Olympic Sports has two issues of debt outstanding. One is a 9% coupon bond with
ID: 2714444 • Letter: O
Question
Olympic Sports has two issues of debt outstanding. One is a 9% coupon bond with a face value of $25 million, a maturity of 10 years, and a yield to maturity of 10%. The coupons are paid annually. The other bond issue has a maturity of 15 years, with coupons also paid annually, and a coupon rate of 10%. The face value of the issue is $30 million, and the issue sells for 93% of par value. The firm's tax rate is 20%.
a. What is the before-tax cost of debt for Olympic? (Do not round intermediate calculations. Enter your answer as a percent rounded to 2 decimal places.)
Before-tax cost of debt %
b. What is Olympic's after-tax cost of debt? (Do not round intermediate calculations. Enter your answer as a percent rounded to 2 decimal places.)
After-tax cost of debt %
Explanation / Answer
Answer:a. The 9% coupon bond has a yield to maturity of 10% and sells for 93.86% of face value as shown below: Using a financial calculator, enter
n = 10, i = 10%, PMT = 90, FV = 1,000; compute PV = $938.55.

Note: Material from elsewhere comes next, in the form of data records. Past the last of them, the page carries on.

(* For every $n$, the parking order $\le_P$ on parking functions of degree $n$ admits least upper bounds: for parking functions $f=(\sigma,s)$ and $g=(\tau,t)$ of degree $n$, the pair $(\sigma\vee\tau,\ s\vee t)$ is a parking function and it is the least upper bound $f\vee g$ in $\le_P$ (joins taken in the weak order and in the Tamari order respectively).
   Context: $\mathrm{PBT}_n$ is the set of planar binary trees (each internal node has exactly two children, left and right) with $n+1$ leaves, leaves numbered left to right; $\mathrm{Des}(t)=\{1\le i\le n-1:\text{the }(i+1)\text{-st leaf of }t\text{ is a right child}\}$. For $\sigma\in S_n$ (one-line notation), $\mathrm{Des}(\sigma)=\{i:\sigma(i)>\sigma(i+1)\}$ and $\mathrm{Inv}(\sigma)=\{(i,j):i<j,\sigma(i)>\sigma(j)\}$. A parking function of degree $n$ is a pair $(\sigma,t)\in S_n\times\mathrm{PBT}_n$ with $\mathrm{Des}(t)\subseteq\mathrm{Des}(\sigma)$. The (left) weak order: $\sigma\le_w\tau$ iff $\mathrm{Inv}(\sigma)\subseteq\mathrm{Inv}(\tau)$. The Tamari order $\le_T$ on $\mathrm{PBT}_n$ is the reflexive–transitive closure of $s\le t$ whenever $t$ is obtained from $s$ by replacing a subtree of the form $x(A,y(B,C))$ by $x(y(A,B),C)$ (left rotation). Both are lattices. The parking order: $(\sigma,s)\le_P(\tau,t)$ iff $\sigma\le_w\tau$ and $s\le_T t$. *)

From Stdlib Require Import Relation_Operators.
From mathcomp Require Import all_boot all_order all_fingroup.
Set Implicit Arguments. Unset Strict Implicit. Unset Printing Implicit Defensive.

(* Permutations of {1..n} are 'S_n (positions and values 0-indexed). *)

(* Des(sigma) as a set of 1-indexed positions i in 1..n-1 with sigma(i) > sigma(i+1). *)
Definition des_perm (n : nat) (s : 'S_n) : pred nat :=
  fun i => [&& 0 < i, i < n &
     (nth 0 [seq val (s k) | k <- enum 'I_n] i.-1 >
      nth 0 [seq val (s k) | k <- enum 'I_n] i)].

Definition inv_perm (n : nat) (s : 'S_n) (i j : 'I_n) : bool :=
  (i < j) && (s j < s i).

Definition weak_le (n : nat) (s t : 'S_n) : Prop :=
  forall i j : 'I_n, inv_perm s i j -> inv_perm t i j.

Inductive tree : Type := Leaf | Node of tree & tree.

Fixpoint leaves (t : tree) : nat :=
  match t with Leaf => 1 | Node l r => leaves l + leaves r end.

Definition pbt (n : nat) (t : tree) : Prop := leaves t = n.+1.

(* For each leaf, left to right: is it a right child? (root leaf: false) *)
Fixpoint leaf_dirs_aux (b : bool) (t : tree) : seq bool :=
  match t with
  | Leaf => [:: b]
  | Node l r => leaf_dirs_aux false l ++ leaf_dirs_aux true r
  end.
Definition leaf_dirs (t : tree) : seq bool := leaf_dirs_aux false t.

(* Des(t) = { 1 <= i <= n-1 : the (i+1)-st leaf is a right child } *)
Definition des_tree (n : nat) (t : tree) : pred nat :=
  fun i => [&& 0 < i, i < n & nth false (leaf_dirs t) i].

Inductive rot_step : tree -> tree -> Prop :=
  | rot_root A B C : rot_step (Node A (Node B C)) (Node (Node A B) C)
  | rot_left l l' r : rot_step l l' -> rot_step (Node l r) (Node l' r)
  | rot_right l r r' : rot_step r r' -> rot_step (Node l r) (Node l r').

Definition tamari_le : tree -> tree -> Prop := clos_refl_trans tree rot_step.

Definition parking (n : nat) (s : 'S_n) (t : tree) : Prop :=
  pbt n t /\ (forall i, des_tree n t i -> des_perm s i).

Definition parking_le (n : nat) (f g : 'S_n * tree) : Prop :=
  weak_le f.1 g.1 /\ tamari_le f.2 g.2.

Definition is_weak_join (n : nat) (s t j : 'S_n) : Prop :=
  [/\ weak_le s j, weak_le t j & forall u : 'S_n, weak_le s u -> weak_le t u -> weak_le j u].

Definition is_tamari_join (n : nat) (s t j : tree) : Prop :=
  [/\ pbt n j, tamari_le s j, tamari_le t j &
      forall u, pbt n u -> tamari_le s u -> tamari_le t u -> tamari_le j u].

(* Descents grow along both orders: an inversion of adjacent positions survives
   in every larger permutation, and a left rotation only turns a left-child leaf
   into a right child.  Hence Des(sigma) and Des(tau) lie in Des(sigma \/ tau),
   and it remains to see that Des(s \/ t) lies in P := Des(s) u Des(t).  The
   trees with descents in P have a Tamari maximum: rotating while the descents
   stay in P terminates (the sum over the nodes of the number of leaves of the
   left subtree increases) in a saturated tree, a left spine of right combs
   whose inner left leaves lie outside P, and there is only one saturated tree
   of each size.  This common upper bound of s and t lies above s \/ t. *)

From mathcomp Require Import all_boot all_order all_fingroup.
From mathcomp Require Import zify.
From Stdlib Require Import Relation_Operators.

Set Implicit Arguments. Unset Strict Implicit. Unset Printing Implicit Defensive.

Lemma leaves_gt0 t : 0 < leaves t.
Proof. by elim: t => //= l IHl r IHr; rewrite addn_gt0 IHl. Qed.

Lemma size_leaf_dirs_aux b t : size (leaf_dirs_aux b t) = leaves t.
Proof. by elim: t b => //= l IHl r IHr b; rewrite size_cat IHl IHr. Qed.

Lemma last_leaf_dirs_aux_true x t : last x (leaf_dirs_aux true t) = true.
Proof. by elim: t x => //= l _ r IHr x; rewrite last_cat IHr. Qed.

Lemma rot_step_leaves t t' : rot_step t t' -> leaves t = leaves t'.
Proof. by elim=> //= *; lia. Qed.

Lemma tamari_le_leaves t t' : tamari_le t t' -> leaves t = leaves t'.
Proof. by elim=> [? ? /rot_step_leaves | | ? ? ? _ -> _ ->]. Qed.

Definition dirs_le (x y : seq bool) : Prop :=
  forall i, nth false x i -> nth false y i.

(* [o] is the position, in the whole tree, of the first leaf described by [ds]. *)
Definition dirs_within (P : pred nat) (o : nat) (ds : seq bool) : Prop :=
  forall i, nth false ds i -> P (o + i).

Lemma dirs_le_cat a a' b b' : size a = size a' ->
  dirs_le a a' -> dirs_le b b' -> dirs_le (a ++ b) (a' ++ b').
Proof.
by move=> e ha hb i; rewrite !nth_cat -e; case: ltnP => _; [exact: ha | exact: hb].
Qed.

Lemma dirs_le_within P o x y : dirs_le x y -> dirs_within P o y -> dirs_within P o x.
Proof. by move=> le_xy wy i /le_xy /wy. Qed.

Lemma dirs_within_cat P o a b :
  dirs_within P o (a ++ b) <-> dirs_within P o a /\ dirs_within P (o + size a) b.
Proof.
split=> [w | [wa wb] i].
- split=> i hi.
  + apply: w; rewrite nth_cat; case: ltnP hi => // le_a.
    by rewrite nth_default.
  + by rewrite -addnA; apply: w; rewrite nth_cat ltnNge leq_addr addKn.
- rewrite nth_cat; case: ltnP => [_ /wa // | le_a /wb].
  by rewrite -addnA subnKC.
Qed.

Lemma leaf_dirs_aux_false_true t :
  dirs_le (leaf_dirs_aux false t) (leaf_dirs_aux true t).
Proof. by case: t => [|l r] // [|i]. Qed.

Lemma rot_step_dirs_le b t t' : rot_step t t' ->
  dirs_le (leaf_dirs_aux b t) (leaf_dirs_aux b t').
Proof.
move=> r; elim: r b => [A B C | l l' r rl IH | l r r' rr IH] b /=.
- rewrite -catA; apply: dirs_le_cat => //.
  by apply: dirs_le_cat; rewrite ?size_leaf_dirs_aux //; exact: leaf_dirs_aux_false_true.
- by apply: dirs_le_cat; rewrite ?size_leaf_dirs_aux ?(rot_step_leaves rl).
- exact: dirs_le_cat.
Qed.

Lemma tamari_le_dirs_le t t' : tamari_le t t' -> dirs_le (leaf_dirs t) (leaf_dirs t').
Proof.
elim=> [x y /(@rot_step_dirs_le false) // | x i // | x y z _ le1 _ le2 i].
by move=> /le1 /le2.
Qed.

Fixpoint left_weight t :=
  if t is Node l r then left_weight l + left_weight r + leaves l else 0.

Lemma rot_step_left_weight t t' : rot_step t t' -> left_weight t < left_weight t'.
Proof.
elim=> [A B C | l l' r rl IH | l r r' rr IH] /=.
- by have := leaves_gt0 A; lia.
- by rewrite (rot_step_leaves rl); lia.
- by lia.
Qed.

Lemma left_weight_le t : left_weight t <= leaves t * leaves t.
Proof. by elim: t => //= l IHl r IHr; have := leaves_gt0 r; nia. Qed.

Section Saturation.
Variable P : pred nat.

Fixpoint comb_outside o R : bool :=
  match R with
  | Leaf => true
  | Node Leaf C => ~~ P o && comb_outside o.+1 C
  | Node _ _ => false
  end.

(* The Tamari-maximal trees with descents in [P]: a left spine of right combs
   none of whose left leaves may become a right child. *)
Fixpoint saturated o t : bool :=
  if t is Node A R then saturated o A && comb_outside (o + leaves A) R else true.

Lemma rotate_into_comb b o A R :
  dirs_within P o (leaf_dirs_aux b (Node A R)) ->
  ~~ comb_outside (o + leaves A) R ->
  exists2 t', rot_step (Node A R) t' & dirs_within P o (leaf_dirs_aux b t').
Proof.
elim: R b o A => [//|B _ C IHC] b o A /= /dirs_within_cat[wA].
rewrite size_leaf_dirs_aux => /dirs_within_cat[wB wC].
have rotate_root : dirs_within P (o + leaves A) (leaf_dirs_aux true B) ->
    exists2 t', rot_step (Node A (Node B C)) t' & dirs_within P o (leaf_dirs_aux b t').
  move=> wB'; exists (Node (Node A B) C); first exact: rot_root.
  rewrite /= -catA; apply/dirs_within_cat; split=> //.
  by apply/dirs_within_cat; rewrite !size_leaf_dirs_aux in wC *.
(* The rotation moves [B] to a right child, which changes the direction of its
   first leaf only if [B] is a leaf. *)
case: B wB wC rotate_root => [|B1 B2] wB wC rotate_root; last by move=> _; exact: rotate_root.
have [PoA|notPoA] := boolP (P (o + leaves A)).
  by move=> _; apply: rotate_root => -[_|[]] //; rewrite addn0.
rewrite /= -addn1 => /(IHC true (o + leaves A) Leaf) [|C' rC wC'].
  by apply/dirs_within_cat.
exists (Node A C'); first exact: rot_right.
by apply/dirs_within_cat; rewrite size_leaf_dirs_aux.
Qed.

Lemma rotate_unsaturated o t : dirs_within P o (leaf_dirs_aux false t) ->
  ~~ saturated o t ->
  exists2 t', rot_step t t' & dirs_within P o (leaf_dirs_aux false t').
Proof.
elim: t o => [//|A IHA R _] o w.
have [satA|unsatA] := boolP (saturated o A).
  by rewrite /= satA; exact: rotate_into_comb.
move=> _; move/dirs_within_cat: w => [wA]; rewrite size_leaf_dirs_aux => wR.
have [A' rA wA'] := IHA o wA unsatA.
exists (Node A' R); first exact: rot_left.
by apply/dirs_within_cat; rewrite size_leaf_dirs_aux -(rot_step_leaves rA).
Qed.

Lemma saturate t : dirs_within P 0 (leaf_dirs t) ->
  exists U, [/\ tamari_le t U, saturated 0 U & dirs_within P 0 (leaf_dirs U)].
Proof.
have [k] := ubnP (leaves t * leaves t - left_weight t).
elim: k t => // k IH t bound wt.
have [satt|unsatt] := boolP (saturated 0 t).
  by exists t; split=> //; apply: rt_refl.
have [t' rt wt'] := rotate_unsaturated wt unsatt.
have [|U [t'U satU wU]] := IH t' _ wt'.
  have := rot_step_left_weight rt; have := left_weight_le t'.
  by rewrite -(rot_step_leaves rt); lia.
by exists U; split=> //; apply: rt_trans t'U; apply: rt_step.
Qed.

Lemma comb_outside_eq o o' R R' : comb_outside o R -> comb_outside o' R' ->
  leaves R = leaves R' -> R = R'.
Proof.
elim: R o R' o' => [|[|//] _ C IHC] o [|[|//] C'] o' //=.
- by have := leaves_gt0 C'; lia.
- by have := leaves_gt0 C; lia.
move=> /andP[_ combC] /andP[_ combC'] eCC'.
by congr Node; apply: IHC combC combC' _; lia.
Qed.

Lemma comb_outside_notin o R i : comb_outside o R ->
  o <= i < o + leaves R - 1 -> ~~ P i.
Proof.
elim: R o => [|[|//] _ C IHC] o /=; first by lia.
move=> /andP[notPo combC] bounds.
have [-> //|ne_io] := eqVneq i o.
by apply: IHC combC _; lia.
Qed.

Lemma saturated_left_leaves o A R A' R' :
  saturated o (Node A R) -> dirs_within P o (leaf_dirs_aux false (Node A' R')) ->
  leaves (Node A R) = leaves (Node A' R') -> leaves A' <= leaves A.
Proof.
move=> /andP[_ combR] /dirs_within_cat[wA' _] /= e.
rewrite leqNgt; apply/negP => ltAA'.
case: A' wA' e ltAA' => [|A1 A2] wA' e ltAA'; first by move: ltAA' (leaves_gt0 A) => /=; lia.
have := wA' (leaves (Node A1 A2)).-1.
rewrite -(size_leaf_dirs_aux false) nth_last /= last_cat last_leaf_dirs_aux_true.
move=> /(_ isT); apply/negP; apply: comb_outside_notin combR _.
by rewrite size_cat !size_leaf_dirs_aux; move: e ltAA' (leaves_gt0 R') => /=; lia.
Qed.

Lemma saturated_unique o t t' : saturated o t -> saturated o t' ->
  dirs_within P o (leaf_dirs_aux false t) -> dirs_within P o (leaf_dirs_aux false t') ->
  leaves t = leaves t' -> t = t'.
Proof.
elim: t o t' => [|A IHA R _] o [|A' R'] //=.
- by have := leaves_gt0 A'; have := leaves_gt0 R'; lia.
- by have := leaves_gt0 A; have := leaves_gt0 R; lia.
move=> satt satt' wt wt' e.
have eA : leaves A = leaves A'.
  apply/eqP; rewrite eqn_leq (saturated_left_leaves satt' wt (esym e)).
  exact: saturated_left_leaves satt wt' e.
move: satt satt' wt wt' => /andP[satA combR] /andP[satA' combR']
  /dirs_within_cat[wA _] /dirs_within_cat[wA' _].
have eAA' := IHA o A' satA satA' wA wA' eA; subst A'.
by congr Node; apply: comb_outside_eq combR combR' _; lia.
Qed.

End Saturation.

Lemma tamari_upper_bound_within P s t : leaves s = leaves t ->
  dirs_within P 0 (leaf_dirs s) -> dirs_within P 0 (leaf_dirs t) ->
  exists U, [/\ tamari_le s U, tamari_le t U & dirs_within P 0 (leaf_dirs U)].
Proof.
move=> e ws wt.
have [U [sU satU wU]] := saturate ws.
have [V [tV satV wV]] := saturate wt.
have eUV : U = V.
  apply: (saturated_unique satU satV wU wV).
  by rewrite -(tamari_le_leaves sU) -(tamari_le_leaves tV).
by exists U; split=> //; rewrite eUV.
Qed.

Lemma des_tree_join n s t j i : pbt n s -> pbt n t -> is_tamari_join n s t j ->
  des_tree n j i -> des_tree n s i || des_tree n t i.
Proof.
move=> ps pt [_ _ _ j_least] /and3P[i_gt0 i_lt_n ji].
pose P k := nth false (leaf_dirs s) k || nth false (leaf_dirs t) k.
have ws : dirs_within P 0 (leaf_dirs s) by move=> k sk; rewrite /P sk.
have wt : dirs_within P 0 (leaf_dirs t) by move=> k tk; rewrite /P tk orbT.
have [|U [sU tU wU]] := tamari_upper_bound_within _ ws wt; first by rewrite ps pt.
have jU : tamari_le j U by apply: j_least; rewrite // /pbt -(tamari_le_leaves sU).
by have := dirs_le_within (tamari_le_dirs_le jU) wU ji; rewrite /des_tree i_gt0 i_lt_n.
Qed.

Lemma nth_perm_values n (s : 'S_n) m (lt_mn : m < n) :
  nth 0 [seq val (s k) | k <- enum 'I_n] m = s (Ordinal lt_mn).
Proof.
rewrite (nth_map (Ordinal lt_mn)) ?size_enum_ord //.
by congr (val (s _)); apply: val_inj; rewrite /= nth_enum_ord.
Qed.

Lemma des_perm_weak_le n (s t : 'S_n) i : weak_le s t -> des_perm s i -> des_perm t i.
Proof.
move=> le_st /and3P[i_gt0 i_lt_n]; rewrite /des_perm i_gt0 i_lt_n /=.
have lt_pn : i.-1 < n by lia.
rewrite !(nth_perm_values _ lt_pn) !(nth_perm_values _ i_lt_n) => des_s.
have /le_st /andP[] // : inv_perm s (Ordinal lt_pn) (Ordinal i_lt_n).
by rewrite /inv_perm des_s /=; lia.
Qed.

Theorem mainTheorem12 (n : nat) (sigma tau : 'S_n) (s t : tree)
    (J : 'S_n) (j : tree) :
  parking sigma s -> parking tau t ->
  is_weak_join sigma tau J -> is_tamari_join n s t j ->
  [/\ parking J j,
      parking_le (sigma, s) (J, j),
      parking_le (tau, t) (J, j) &
      forall (rho : 'S_n) (u : tree), parking rho u ->
        parking_le (sigma, s) (rho, u) -> parking_le (tau, t) (rho, u) ->
        parking_le (J, j) (rho, u)].
Proof.
move=> [ps des_s] [pt des_t] [sJ tJ J_least] jjoin.
have [pj sj tj j_least] := jjoin.
split=> //.
- split=> // i /(des_tree_join ps pt jjoin) /orP[/des_s | /des_t].
  + exact: des_perm_weak_le sJ.
  + exact: des_perm_weak_le tJ.
- move=> rho u [pu _] [s_rho s_u] [t_rho t_u].
  by split; [exact: J_least | exact: j_least].
Qed.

Therefore, the market value of the issue is: 0.9386 × $25 million = $23.465 million
The 10% coupon bond sells for 93% of par value and has a yield to maturity of 10.97%, as shown below:
Using a financial calculator, enter n = 15, PV = ()930, PMT = 100, FV = 1,000; compute i = 10.97%.
The market value of the issue is 0.93 × $30 million = $27.90 million.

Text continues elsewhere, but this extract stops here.